(* Let $\mathcal C$ be a semi-abelian arithmetical category and $X,Y\le A$ subobjects of an object $A$. Then $X$ and $Y$ Huq-commute if and only if $X\wedge Y=0$ and both $X$ and $Y$ are normal subobjects of the join $X\vee Y$.
   Context: Semi-abelian category: pointed, Barr-exact, protomodular, with binary coproducts. It is arithmetical if the lattice of equivalence relations on each object is distributive; for semi-abelian categories this is equivalent to the zero object being the only abelian object (object Huq-commuting with itself). Subobjects $X,Y\le A$ Huq-commute if there is $\varphi\colon X\times Y\to A$ with $\varphi\circ(1_X,0)$ and $\varphi\circ(0,1_Y)$ the inclusions. A normal subobject is a kernel; $\wedge,\vee$ are meet and join of subobjects of $A$. *)

Set Implicit Arguments.
Unset Strict Implicit.

Record Category := {
  ob :> Type;
  hom : ob -> ob -> Type;
  idm : forall A, hom A A;
  comp : forall A B D, hom B D -> hom A B -> hom A D;
  comp_idl : forall A B (f : hom A B), comp (idm B) f = f;
  comp_idr : forall A B (f : hom A B), comp f (idm A) = f;
  comp_assoc : forall A B D E (f : hom A B) (g : hom B D) (h : hom D E),
      comp h (comp g f) = comp (comp h g) f }.

Arguments hom {c} _ _.
Arguments idm {c} _.
Arguments comp {c A B D} _ _.

Notation "g ∘ f" := (comp g f) (at level 40, left associativity).

Definition isIso {C : Category} {A B : C} (f : hom A B) : Prop :=
  exists g : hom B A, g ∘ f = idm A /\ f ∘ g = idm B.

Definition isMono {C : Category} {A B : C} (f : hom A B) : Prop :=
  forall W (u v : hom W A), f ∘ u = f ∘ v -> u = v.

Definition isInitial {C : Category} (Z : C) : Prop :=
  forall A : C, exists f : hom Z A, forall g : hom Z A, g = f.

Definition isTerminal {C : Category} (Z : C) : Prop :=
  forall A : C, exists f : hom A Z, forall g : hom A Z, g = f.

Definition isZeroObj {C : Category} (Z : C) : Prop := isInitial Z /\ isTerminal Z.

Definition pointed (C : Category) : Prop := exists Z : C, isZeroObj Z.

Definition isZeroMor {C : Category} {A B : C} (f : hom A B) : Prop :=
  exists Z : C, isZeroObj Z /\ exists (g : hom A Z) (h : hom Z B), f = h ∘ g.

Definition isPullback {C : Category} {X Y Z P : C} (f : hom X Z) (g : hom Y Z)
    (p1 : hom P X) (p2 : hom P Y) : Prop :=
  f ∘ p1 = g ∘ p2 /\
  forall W (u : hom W X) (v : hom W Y), f ∘ u = g ∘ v ->
    exists w : hom W P, (p1 ∘ w = u /\ p2 ∘ w = v) /\
      forall w' : hom W P, p1 ∘ w' = u -> p2 ∘ w' = v -> w' = w.

Definition has_pullbacks (C : Category) : Prop :=
  forall (X Y Z : C) (f : hom X Z) (g : hom Y Z),
    exists P (p1 : hom P X) (p2 : hom P Y), isPullback f g p1 p2.
(* Let $G$ be a maximal outerplanar graph (with a fixed outerplanar embedding) with reduced graph $\widetilde{G}$ and almost-dual graph $\widehat{G}$. Then the following three sets are in one-to-one correspondence: the sets of central vertices of the copies of $S_3$ in $G$; the triangles (cycles on three vertices) in $\widetilde{G}$; and the vertices of degree $3$ in $\widehat{G}$.
   Context: A graph is maximal outerplanar if it is outerplanar and adding any single new edge yields a non-outerplanar graph. $S_3$ is the graph with vertices $x_1,x_2,x_3,y_1,y_2,y_3$ and edges $\{x_1,x_2\},\{x_1,x_3\},\{x_2,x_3\},\{x_1,y_1\},\{x_2,y_1\},\{x_2,y_2\},\{x_3,y_2\},\{x_3,y_3\},\{x_1,y_3\}$; its central vertices are $x_1,x_2,x_3$ and its central edges are the three edges among them. A copy of $S_3$ in $G$ is an induced subgraph of $G$ isomorphic to $S_3$. The reduced graph $\widetilde{G}$ is obtained by coloring, for every copy of $S_3$ in $G$, its central vertices and central edges, and then deleting from $G$ all uncolored vertices and uncolored edges. The almost-dual graph $\widehat{G}$ (with respect to the fixed embedding) has one vertex for every inner face of $G$, two vertices being adjacent iff the corresponding inner faces share an edge of $G$. *)

From mathcomp Require Import all_boot.
Set Implicit Arguments. Unset Strict Implicit. Unset Printing Implicit Defensive.

Section Graphs.
Variable T : finType.

Definition simple_graph (e : rel T) : Prop := symmetric e /\ irreflexive e.

Definition add_edge (e : rel T) (u v : T) : rel T :=
  fun x y => [|| e x y, (x == u) && (y == v) | (x == v) && (y == u)].

(* An outerplanar embedding: vertices placed at distinct positions p x on a
   circle (in this cyclic order), edges drawn as straight chords, no two chords
   crossing.  Chords {a,b} and {c,d} cross iff their endpoints interleave. *)
Definition cross (p : T -> nat) (a b c d : T) : bool :=
  [|| (p a < p c < p b) && (p b < p d),
      (p b < p c < p a) && (p a < p d),
      (p a < p d < p b) && (p b < p c) | (p b < p d < p a) && (p a < p c)].

Definition outerplanar_emb (e : rel T) (p : T -> nat) : Prop :=
  injective p /\ forall a b c d, e a b -> e c d -> ~~ cross p a b c d.

Definition outerplanar (e : rel T) : Prop := exists p, outerplanar_emb e p.

Definition maximal_outerplanar (e : rel T) : Prop :=
  outerplanar e /\
  forall u v, u != v -> ~~ e u v -> ~ outerplanar (add_edge e u v).

(* S_3 on 'I_6 : 0,1,2 = x1,x2,x3 (central), 3,4,5 = y1,y2,y3. *)
Definition S3e (i j : nat) : bool :=
  [|| [&& i < 3, j < 3 & i != j],
      (i == 3) && ((j == 0) || (j == 1)),
      (i == 4) && ((j == 1) || (j == 2)) |
      (i == 5) && ((j == 2) || (j == 0))].

Definition S3adj (i j : 'I_6) : bool := S3e i j || S3e j i.

Definition copyS3 (e : rel T) (f : {ffun 'I_6 -> T}) : bool :=
  injectiveb f && [forall i, forall j, e (f i) (f j) == S3adj i j].

Definition central_set (f : {ffun 'I_6 -> T}) : {set T} :=
  [set f i | i : 'I_6 & (i < 3)%N].

Definition central_sets (e : rel T) : {set {set T}} :=
  [set central_set f | f in [pred f | copyS3 e f]].

Definition colored_vertex (e : rel T) (v : T) : bool :=
  [exists f, copyS3 e f && [exists i : 'I_6, (i < 3)%N && (f i == v)]].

-*-*-

◆ **Required action**:
Copy out the entire listing exactly.

◆ **Result of this exercise**:
(* Let $\mathcal C$ be a semi-abelian arithmetical category and $X,Y\le A$ subobjects of an object $A$. Then $X$ and $Y$ Huq-commute if and only if $X\wedge Y=0$ and both $X$ and $Y$ are normal subobjects of the join $X\vee Y$.
   Context: Semi-abelian category: pointed, Barr-exact, protomodular, with binary coproducts. It is arithmetical if the lattice of equivalence relations on each object is distributive; for semi-abelian categories this is equivalent to the zero object being the only abelian object (object Huq-commuting with itself). Subobjects $X,Y\le A$ Huq-commute if there is $\varphi\colon X\times Y\to A$ with $\varphi\circ(1_X,0)$ and $\varphi\circ(0,1_Y)$ the inclusions. A normal subobject is a kernel; $\wedge,\vee$ are meet and join of subobjects of $A$. *)

Set Implicit Arguments.
Unset Strict Implicit.

Record Category := {
  ob :> Type;
  hom : ob -> ob -> Type;
  idm : forall A, hom A A;
  comp : forall A B D, hom B D -> hom A B -> hom A D;
  comp_idl : forall A B (f : hom A B), comp (idm B) f = f;
  comp_idr : forall A B (f : hom A B), comp f (idm A) = f;
  comp_assoc : forall A B D E (f : hom A B) (g : hom B D) (h : hom D E),
      comp h (comp g f) = comp (comp h g) f }.

Arguments hom {c} _ _.
Arguments idm {c} _.
Arguments comp {c A B D} _ _.

Notation "g ∘ f" := (comp g f) (at level 40, left associativity).

Definition isIso {C : Category} {A B : C} (f : hom A B) : Prop :=
  exists g : hom B A, g ∘ f = idm A /\ f ∘ g = idm B.

Definition isMono {C : Category} {A B : C} (f : hom A B) : Prop :=
  forall W (u v : hom W A), f ∘ u = f ∘ v -> u = v.

Definition isInitial {C : Category} (Z : C) : Prop :=
  forall A : C, exists f : hom Z A, forall g : hom Z A, g = f.

Definition isTerminal {C : Category} (Z : C) : Prop :=
  forall A : C, exists f : hom A Z, forall g : hom A Z, g = f.

Definition isZeroObj {C : Category} (Z : C) : Prop := isInitial Z /\ isTerminal Z.

Definition pointed (C : Category) : Prop := exists Z : C, isZeroObj Z.

Definition isZeroMor {C : Category} {A B : C} (f : hom A B) : Prop :=
  exists Z : C, isZeroObj Z /\ exists (g : hom A Z) (h : hom Z B), f = h ∘ g.

Definition isPullback {C : Category} {X Y Z P : C} (f : hom X Z) (g : hom Y Z)
    (p1 : hom P X) (p2 : hom P Y) : Prop :=
  f ∘ p1 = g ∘ p2 /\
  forall W (u : hom W X) (v : hom W Y), f ∘ u = g ∘ v ->
    exists w : hom W P, (p1 ∘ w = u /\ p2 ∘ w = v) /\
      forall w' : hom W P, p1 ∘ w' = u -> p2 ∘ w' = v -> w' = w.

Definition has_pullbacks (C : Category) : Prop :=
  forall (X Y Z : C) (f : hom X Z) (g : hom Y Z),
    exists P (p1 : hom P X) (p2 : hom P Y), isPullback f g p1 p2.
(* Let $G$ be a maximal outerplanar graph (with a fixed outerplanar embedding) with reduced graph $\widetilde{G}$ and almost-dual graph $\widehat{G}$. Then the following three sets are in one-to-one correspondence: the sets of central vertices of the copies of $S_3$ in $G$; the triangles (cycles on three vertices) in $\widetilde{G}$; and the vertices of degree $3$ in $\widehat{G}$.
   Context: A graph is maximal outerplanar if it is outerplanar and adding any single new edge yields a non-outerplanar graph. $S_3$ is the graph with vertices $x_1,x_2,x_3,y_1,y_2,y_3$ and edges $\{x_1,x_2\},\{x_1,x_3\},\{x_2,x_3\},\{x_1,y_1\},\{x_2,y_1\},\{x_2,y_2\},\{x_3,y_2\},\{x_3,y_3\},\{x_1,y_3\}$; its central vertices are $x_1,x_2,x_3$ and its central edges are the three edges among them. A copy of $S_3$ in $G$ is an induced subgraph of $G$ isomorphic to $S_3$. The reduced graph $\widetilde{G}$ is obtained by coloring, for every copy of $S_3$ in $G$, its central vertices and central edges, and then deleting from $G$ all uncolored vertices and uncolored edges. The almost-dual graph $\widehat{G}$ (with respect to the fixed embedding) has one vertex for every inner face of $G$, two vertices being adjacent iff the corresponding inner faces share an edge of $G$. *)

From mathcomp Require Import all_boot.
Set Implicit Arguments. Unset Strict Implicit. Unset Printing Implicit Defensive.

Section Graphs.
Variable T : finType.

Definition simple_graph (e : rel T) : Prop := symmetric e /\ irreflexive e.

Definition add_edge (e : rel T) (u v : T) : rel T :=
  fun x y => [|| e x y, (x == u) && (y == v) | (x == v) && (y == u)].

(* An outerplanar embedding: vertices placed at distinct positions p x on a
   circle (in this cyclic order), edges drawn as straight chords, no two chords
   crossing.  Chords {a,b} and {c,d} cross iff their endpoints interleave. *)
Definition cross (p : T -> nat) (a b c d : T) : bool :=
  [|| (p a < p c < p b) && (p b < p d),
      (p b < p c < p a) && (p a < p d),
      (p a < p d < p b) && (p b < p c) | (p b < p d < p a) && (p a < p c)].

Definition outerplanar_emb (e : rel T) (p : T -> nat) : Prop :=
  injective p /\ forall a b c d, e a b -> e c d -> ~~ cross p a b c d.

Definition outerplanar (e : rel T) : Prop := exists p, outerplanar_emb e p.

Definition maximal_outerplanar (e : rel T) : Prop :=
  outerplanar e /\
  forall u v, u != v -> ~~ e u v -> ~ outerplanar (add_edge e u v).

(* S_3 on 'I_6 : 0,1,2 = x1,x2,x3 (central), 3,4,5 = y1,y2,y3. *)
Definition S3e (i j : nat) : bool :=
  [|| [&& i < 3, j < 3 & i != j],
      (i == 3) && ((j == 0) || (j == 1)),
      (i == 4) && ((j == 1) || (j == 2)) |
      (i == 5) && ((j == 2) || (j == 0))].

Definition S3adj (i j : 'I_6) : bool := S3e i j || S3e j i.

Definition copyS3 (e : rel T) (f : {ffun 'I_6 -> T}) : bool :=
  injectiveb f && [forall i, forall j, e (f i) (f j) == S3adj i j].

Definition central_set (f : {ffun 'I_6 -> T}) : {set T} :=
  [set f i | i : 'I_6 & (i < 3)%N].

Definition central_sets (e : rel T) : {set {set T}} :=
  [set central_set f | f in [pred f | copyS3 e f]].

Definition colored_vertex (e : rel T) (v : T) : bool :=
  [exists f, copyS3 e f && [exists i : 'I_6, (i < 3)%N && (f i == v)]].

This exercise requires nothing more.